O Terminal e sua responsabilidade pela demurrage quando negar a desova
(O importador pode ajuizar ação contra o Terminal obrigando-o a proceder à desova, ou após o desembaraço, se ressarcir da demurrage paga)
O universo do comércio exterior, marcado pela importação e exportação de mercadorias, é um processo intrincado que compreende uma série de etapas cruciais. Uma dessas etapas, de extrema relevância, é a armazenagem das mercadorias em terminais alfandegados. O contêiner, embora seja um instrumento indispensável para o transporte marítimo, não pode ser confundido com a própria mercadoria que ele carrega. Surge, então, um questionamento fundamental: o importador possui o direito de desovar o contêiner, ou seja, retirar a mercadoria de dentro dele, mesmo quando o terminal alfandegado se opõe a essa ação?
A resposta, embasada na legislação e na jurisprudência consolidada, é afirmativa. O direito à desova do contêiner é uma prerrogativa incontestável do importador, independentemente da recusa do terminal alfandegado em realizar esse procedimento. O Acórdão proferido pelo Tribunal de Justiça de São Paulo, no processo de Apelação Cível nº 1027384-88.2017.8.26.0562, serve como um farol a iluminar essa questão, evidenciando a solidez desse direito.
Ação de obrigação de fazer – Transporte marítimo de carga – Pretendida pela autora a condenação do terminal réu a proceder à desova do contêiner, bem como a arcar com o pagamento das despesas referentes à "demurrage" – Admissibilidade - Contêiner que não constitui "embalagem", nos moldes do que reza o parágrafo único do art. 24 da Lei 9.611/1998 – Terminal alfandegado que não se pode opor à desova do contêiner, a fim de possibilitar ao importador a sua restituição ao transportador marítimo – Eventual ausência de espaço físico para armazenar a carga solta que não pode ser oposta à autora – Questão que está intimamente ligada à atividade empresarial do terminal réu – Importador que não pode ser obrigado a arcar com o peso das "demurrages", a pretexto de uma maior comodidade para o terminal réu - Precedentes jurisprudenciais. Ação de obrigação de fazer – Transporte marítimo de carga – Terminal réu que, ao ficar inerte depois de notificado extrajudicialmente pela autora, deu causa à cobrança das "demurrages" – Condenação do terminal réu a restituir à autora tais despesas que se mostrou legítima – Apelo do terminal réu desprovido. (TJ-SP - AC: 10273848820178260562 SP 1027384-88.2017.8.26.0562, Relator: José Marcos Marrone, Data de Julgamento: 19/02/2020, 23ª Câmara de Direito Privado, Data de Publicação: 21/02/2020)

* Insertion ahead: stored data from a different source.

Definition in_copies (w : V) (x : V * 'I_(ell f)) : {set V * 'I_(ell f)} :=
  [set y | (y.1 == w) && E' E P y x].

Lemma layers_gt v : f < #|layers v|.
Proof. exact/P_correct/pblock_mem/mem_cover_partition. Qed.

Lemma notin_layers v i : i \in layers v -> (v, i) \notin F.
Proof. by rewrite inE => /forall_inP; apply; rewrite mem_pblock mem_cover_partition. Qed.

Lemma in_copies_majority w v i : E w v -> i \in layers v ->
  #|in_copies w (v, i)| < 2 * #|[set y in in_copies w (v, i) | y.2 \in layers w]|.
Proof.
move=> Ewv iv; set Z := [set y in _ | _].
have [sr|nsr] := boolP (same_region P w v).
  have -> : in_copies w (v, i) = [set (w, i)].
    apply/setP => -[u j]; rewrite !inE /E' /= xpair_eqE.
    by case: eqVneq => [->|] //=; rewrite Ewv sr.
  have wiZ : (w, i) \in Z.
    rewrite /Z; have -> : layers w = layers v by rewrite /layers (eqP sr).
    by rewrite inE /= iv andbT inE /E' /= eqxx Ewv sr eqxx.
  rewrite (cards1 ((w, i) : V * 'I_(ell f))).
  have : 0 < #|Z| by apply/card_gt0P; exists (w, i).
  lia.
have pair_inj : injective (@pair V 'I_(ell f) w) by move=> a b [].
have le_Y : #|in_copies w (v, i)| <= ell f.
  apply: (@leq_trans #|(@pair V _ w) @: 'I_(ell f)|).
    apply/subset_leq_card/subsetP => -[u j]; rewrite inE => /andP [/eqP /= -> _].
    exact: imset_f.
  by rewrite -[X in _ <= X]card_ord leq_imset_card.
have ge_Z : #|layers w| <= #|Z|.
  rewrite -(card_imset _ pair_inj); apply/subset_leq_card/subsetP => y /imsetP [j jw ->].
  by rewrite /Z in_set /= jw andbT inE /E' /= eqxx Ewv (negbTE nsr).
apply: leq_ltn_trans le_Y _; have := leq_trans (layers_gt w) ge_Z; rewrite /ell; lia.
Qed.

Lemma run'_correct inp adv t v i : i \in layers v ->
  run' E P init send upd F adv dflt inp t (v, i) = run E init send upd inp t v.
Proof.
elim: t v i => [//|t IH] v i iv /=.
rewrite IH //; congr (upd _ _ _ _); apply: functional_extensionality => w.
case Ewv: (E w v) => //; congr Some.
apply: (@majority_map_enum _ _ _ _ [set y in in_copies w (v, i) | y.2 \in layers w]).
- by apply/subsetP => y; rewrite inE => /andP [].
- move=> [u j]; rewrite in_set /= => /andP [+ jw].
  rewrite in_set => /andP [/eqP /= -> _].
  by rewrite (negbTE (notin_layers jw)) IH.
- exact: in_copies_majority.
Qed.
Lemma sumR_abs l f : Rabs (sumR l f) <= sumR l (fun k => Rabs (f k)).
Proof.
  induction l as [|a l IH]; simpl; [rewrite Rabs_R0; lra|].
  eapply Rle_trans; [apply Rabs_triang|lra].
Qed.

Lemma sumR_term_le l f k :
  (forall j, In j l -> 0 <= f j) -> In k l -> f k <= sumR l f.
Proof.
  induction l as [|a l IH]; simpl; intros Hf Hk; [contradiction|].
  pose proof (Hf a (or_introl eq_refl)).
  pose proof (sumR_nonneg l f (fun j Hj => Hf j (or_intror Hj))).
  destruct Hk as [<-|Hk]; [lra|].
  pose proof (IH (fun j Hj => Hf j (or_intror Hj)) Hk); lra.
Qed.

Lemma sumR_filter_le (P : nat -> bool) l f :
  (forall k, In k l -> 0 <= f k) -> sumR (filter P l) f <= sumR l f.
Proof.
  induction l as [|a l IH]; simpl; intros Hf; [lra|].
  pose proof (IH (fun k Hk => Hf k (or_intror Hk))).
  pose proof (Hf a (or_introl eq_refl)).
  destruct (P a); simpl; lra.
Qed.

Lemma sumR_indicator n i a : (i < n)%nat ->
  sumR (rng n) (fun k => a k * (if Nat.eqb k i then 1 else 0)) = a i.
Proof.
  induction n as [|n IH]; intros Hi; [lia|].
  rewrite rng_S, sumR_app; simpl.
  destruct (Nat.eqb_spec n i) as [->|Hni].
  - rewrite sumR_zero; [lra|].
    intros k Hk; apply in_rng in Hk.
    destruct (Nat.eqb_spec k i); [lia|ring].
  - rewrite IH by lia; lra.
Qed.

Lemma sumR_derivable l (F : R -> nat -> R) (D : nat -> R) t :
  (forall k, In k l -> derivable_pt_lim (fun s => F s k) t (D k)) ->
  derivable_pt_lim (fun s => sumR l (F s)) t (sumR l D).
Proof.
  induction l as [|a l IH]; simpl; intros HF.
  - apply derivable_pt_lim_const.
  - apply (derivable_pt_lim_plus (fun s => F s a) (fun s => sumR l (F s))); auto.
Qed.

Lemma sumR_cv l (F : nat -> nat -> R) (L : nat -> R) :
  (forall k, In k l -> Un_cv (fun n => F n k) (L k)) ->
  Un_cv (fun n => sumR l (F n)) (sumR l L).
Proof.
  induction l as [|a l IH]; simpl; intros HF.
  - intros e He; exists 0%nat; intros; unfold Rdist; rewrite Rminus_diag, Rabs_R0; auto.
  - apply (CV_plus (fun n => F n a) (fun n => sumR l (F n))); auto.
Qed.

Lemma nrmL_nonneg l v : 0 <= nrmL l v.
Proof. apply sqrt_pos. Qed.

Lemma nrmL_le_l1 l v : nrmL l v <= sumR l (fun k => Rabs (v k)).
Proof.
  assert (Hsq : sumR l (fun k => v k ^ 2) <= sumR l (fun k => Rabs (v k)) ^ 2).
  { induction l as [|a l IH]; simpl in *; [lra|].
    pose proof (sumR_nonneg l (fun k => Rabs (v k)) (fun k _ => Rabs_pos (v k))).
    pose proof (Rabs_pos (v a)).
    pose proof (pow2_abs (v a)); nra. }
  unfold nrmL.
  rewrite <- (sqrt_pow2 (sumR l (fun k => Rabs (v k))))
    by (apply sumR_nonneg; intros; apply Rabs_pos).
  now apply sqrt_le_1_alt.
Qed.

Lemma nrmL_ext l v w : (forall k, In k l -> v k = w k) -> nrmL l v = nrmL l w.
Proof. intros Hvw; unfold nrmL; f_equal; apply sumR_ext; intros; now rewrite Hvw. Qed.

Lemma nrmL_scal l t v : nrmL l (fun k => t * v k) = Rabs t * nrmL l v.
Proof.
  unfold nrmL.
  replace (sumR l (fun k => (t * v k) ^ 2)) with (t ^ 2 * sumR l (fun k => v k ^ 2))
    by (rewrite <- sumR_scal; apply sumR_ext; intros; ring).
  rewrite sqrt_mult_alt by (apply pow2_ge_0).
  now rewrite <- (pow2_abs t), sqrt_pow2 by apply Rabs_pos.
Qed.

O contêiner, apesar de sua importância no transporte, é legalmente classificado como uma unidade de carga, não se confundindo com a embalagem ou acessório da mercadoria propriamente dita. Essa distinção é crucial, pois, uma vez que a carga esteja sob a custódia do terminal alfandegado, este não possui o direito de impedir a sua desova. O importador tem o direito de restituir o contêiner vazio ao transportador marítimo, evitando, assim, o ônus do pagamento de taxas de sobrestadia, conhecidas como "demurrage".
A recusa do terminal em proceder à desova, frequentemente justificada pela alegada falta de espaço físico para acomodar a carga solta, não encontra respaldo legal para impedir o exercício do direito do importador. Afinal, a responsabilidade pela organização e estruturação do terminal recai sobre a empresa operadora, e eventuais dificuldades de ordem logística não podem ser injustamente transferidas ao importador.
O Acórdão do Tribunal de Justiça de São Paulo, mencionado anteriormente, reforça essa perspectiva, sublinhando que o importador não pode ser compelido a arcar com os custos das demurrages em função da comodidade do terminal. A decisão judicial vai além, enfatizando a necessidade de o terminal se preparar adequadamente para atender às demandas inerentes à sua atividade, sem onerar o usuário com responsabilidades que não lhe cabem.
A legislação também respalda o direito à desova. A Lei nº 9.611/1998, em seu artigo 24, parágrafo único, estabelece que o contêiner não se constitui em embalagem, reforçando a sua natureza de unidade de carga e, consequentemente, a possibilidade de desova independente da vontade do terminal.
Em suma, o direito à desova do contêiner é uma garantia legal irrefutável do importador, mesmo diante da resistência do terminal alfandegado. Essa salvaguarda visa proteger o importador de custos adicionais e assegurar a fluidez das operações de comércio exterior, tão vitais para a economia. Caso o terminal persista na recusa, o importador pode acionar o Poder Judiciário para reivindicar seu direito e pleitear o ressarcimento de eventuais danos decorrentes da demora na desova. A jurisprudência, como demonstra o Acórdão citado, tem se mostrado favorável aos importadores, consolidando ainda mais esse direito.